America will remain the world's only superpower for the foreseeable future. But what sort of superpower? What role should America play in the world? What role do you want America to play?
Ian Bremmer argues that Washington's directionless foreign policy has become prohibitively expensive and increasingly dangerous. Since the end of the Cold War, US policymakers have stumbled from crisis to crisis in Afghanistan, Iraq, Iran, Libya, Syria, and Ukraine without a clear strategy. Ordinary Americans too often base their foreign policy choices on allegiance or opposition to the party in power. We can no longer afford this complacency, especially now that both parties are deeply divided about America's role in the world. The next presidential election could easily pit an interventionist Democrat against an isolationist Republican - or the exact opposite.
As 2016 rapidly approaches, Bremmer urges every American to think more deeply about what sort of country America should be and how it should use its superpower status.
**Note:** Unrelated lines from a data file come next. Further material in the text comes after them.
(* Beyond N h = 7/10 the AM-GM bound three_mul_le_of_abs_le applies, except for
   N h in (pi/2, pi] where all terms already have the right sign. *)
Lemma half_angle_form_nonneg (N h : R) : 3 <= N -> 0 < h < PI / 2 -> 0 <= half_angle_form N h.
Proof.
  intros HN Hh. pose proof PI2_3_2. pose proof PI_4.
  destruct (Rle_lt_dec (N * h) (7/10)) as [Hy|Hy];
    [now apply half_angle_form_nonneg_small; lra|].
  unfold half_angle_form. set (y := N * h) in *.
  assert (Hc : 0 < cos h) by (apply cos_gt_0; lra).
  assert (Hs : 0 < sin h) by (apply sin_gt_0; lra).
  assert (HNs : y - y * h ^ 2 / 6 <= N * sin h).
  { pose proof (sin_ge_taylor3 h ltac:(split; lra)).
    assert (N * (h - h ^ 3 / 6) <= N * sin h) by (apply Rmult_le_compat_l; lra).
    unfold y. nra. }
  assert (Hfar : 15/14 * Rabs (sin y) <= N * sin h ->
    0 <= N * sin h * (cos h ^ 2 + 2 * cos y ^ 2) - 3 * sin y * cos y * cos h)
    by (intro; pose proof (three_mul_le_of_abs_le (sin y) (cos y) (cos h) (N * sin h)); lra).
  destruct (Rle_lt_dec y (PI / 2)) as [Hy2|Hy2].
  - apply Hfar. rewrite Rabs_pos_eq by (apply sin_ge_0; lra).
    pose proof (sin_le_taylor5 y ltac:(split; lra)).
    assert (h <= y / 3) by (unfold y; nra).
    assert (y * h ^ 2 <= y * (y ^ 2 / 9)) by (apply Rmult_le_compat_l; nra).
    assert (0 <= (y ^ 2 - 49/100) * (4 - y ^ 2)) by (apply Rmult_le_pos; nra).
    assert (0 <= y * (-1/14 + (15/84 - 1/54) * y ^ 2 - y ^ 4 / 112))
      by (apply Rmult_le_pos; nra).
    assert (E : y - y ^ 3 / 54 - 15/14 * (y - y ^ 3 / 6 + y ^ 5 / 120)
                = y * (-1/14 + (15/84 - 1/54) * y ^ 2 - y ^ 4 / 112)) by field.
    lra.
  - destruct (Rle_lt_dec y PI) as [HyP|HyP].
    + assert (0 <= sin y) by (apply sin_ge_0; lra).
      assert (cos y <= 0) by (apply cos_le_0; lra).
      assert (0 <= sin y * - cos y * cos h) by (apply Rmult_le_pos; [apply Rmult_le_pos|]; lra).
      assert (0 <= N * sin h * (cos h ^ 2 + 2 * cos y ^ 2)) by (apply Rmult_le_pos; nra).
      lra.
    + apply Hfar.
      assert (Rabs (sin y) <= 1) by (apply Rabs_le; apply SIN_bound).
      assert (PI * (1 - PI ^ 2 / 24) <= y * (1 - h ^ 2 / 6))
        by (apply Rmult_le_compat; nra).
      nra.
Qed.

Lemma odd_key_inequality n x : (3 <= n)%nat -> Nat.Odd n -> 0 < x < PI ->
  0 <= 2 * INR n * (1 + cos x) * (1 - cos (INR n * x))
       + INR n * sin x ^ 2 - 3 * sin x * sin (INR n * x).
Proof.
  intros Hn Ho Hx. set (h := (PI - x) / 2).
  assert (Hh : 0 < h < PI / 2) by (unfold h; lra).
  replace x with (PI - 2 * h) by (unfold h; field).
  destruct (cos_sin_INR_mul_PI_sub_odd n (2 * h) Ho) as [-> ->].
  rewrite sin_PI_x, Rtrigo_facts.cos_pi_minus.
  replace (INR n * (2 * h)) with (2 * (INR n * h)) by ring.
  rewrite !sin_2a, cos_2a_sin, cos_2a_cos.
  assert (Hs : 0 < sin h) by (apply sin_gt_0; lra).
  assert (0 <= 4 * sin h * half_angle_form (INR n) h)
    by (apply Rmult_le_pos; [lra | exact (half_angle_form_nonneg _ h (INR_ge_3 n Hn) Hh)]).
  unfold half_angle_form in *. lra.
Qed.

Lemma kappa_at_le_odd n l x : (3 <= n)%nat -> Nat.Odd n ->
  l <= (2 * INR n - 3) / (4 * INR n) -> 0 < x < PI ->
  kappa_at n l x <= (INR n + 1) / 2 - INR n * l.
Proof.
  intros Hn Ho Hl Hx. pose proof (INR_ge_3 n Hn) as HN.
  assert (Hs : 0 < sin x) by (apply sin_gt_0; lra).
  apply kappa_at_le_iff; [exact Hs|]. unfold reduced_poly.
  pose proof (odd_key_inequality n x Hn Ho Hx) as K.
  pose proof (Rabs_sin_INR_mul_le n x ltac:(lra)) as HS.
  pose proof (Rle_abs (sin (INR n * x))).
  set (N := INR n) in *. set (S := sin (N * x)) in *. set (s := sin x) in *.
  set (p := (2 * N - 3) / (2 * N) - 2 * l).
  assert (Hp : 0 <= p).
  { assert ((2 * N - 3) / (2 * N) = 2 * ((2 * N - 3) / (4 * N))) by (field; lra).
    unfold p. lra. }
  assert (0 <= p * (s * (N * s - S))) by (apply Rmult_le_pos; [lra | apply Rmult_le_pos; lra]).
  assert (0 <= (2 * N * (1 + cos x) * (1 - cos (N * x)) + N * s ^ 2 - 3 * s * S) / (2 * N))
    by (unfold Rdiv; apply Rmult_le_pos; [lra | left; apply Rinv_0_lt_compat; lra]).
  assert (E : (1 + cos x) * (1 - cos (N * x)) + (2 * l - 1) * s * S
              - 2 * s ^ 2 * (1 - ((N + 1) / 2 - N * l))
              = (2 * N * (1 + cos x) * (1 - cos (N * x)) + N * s ^ 2 - 3 * s * S) / (2 * N)
                + p * (s * (N * s - S))) by (unfold p; field; lra).
  lra.
Qed.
He explores three options:
Independent America asserts that it's time for America to declare independence from the responsibility to solve other people's problems. Instead Americans should lead by example - in part by investing in the country's vast untapped potential.
Moneyball America acknowledges that Washington can't meet every international challenge. With a clear-eyed assessment of US strengths and limitations, we must look beyond empty arguments over exceptionalism and American values. The priorities must be to focus on opportunities and to defend US interests where they're threatened.
Indispensable America argues that only America can defend the values on which global stability increasingly depends. In today's interdependent, hyperconnected world, a turn inward would undermine America's own security and prosperity.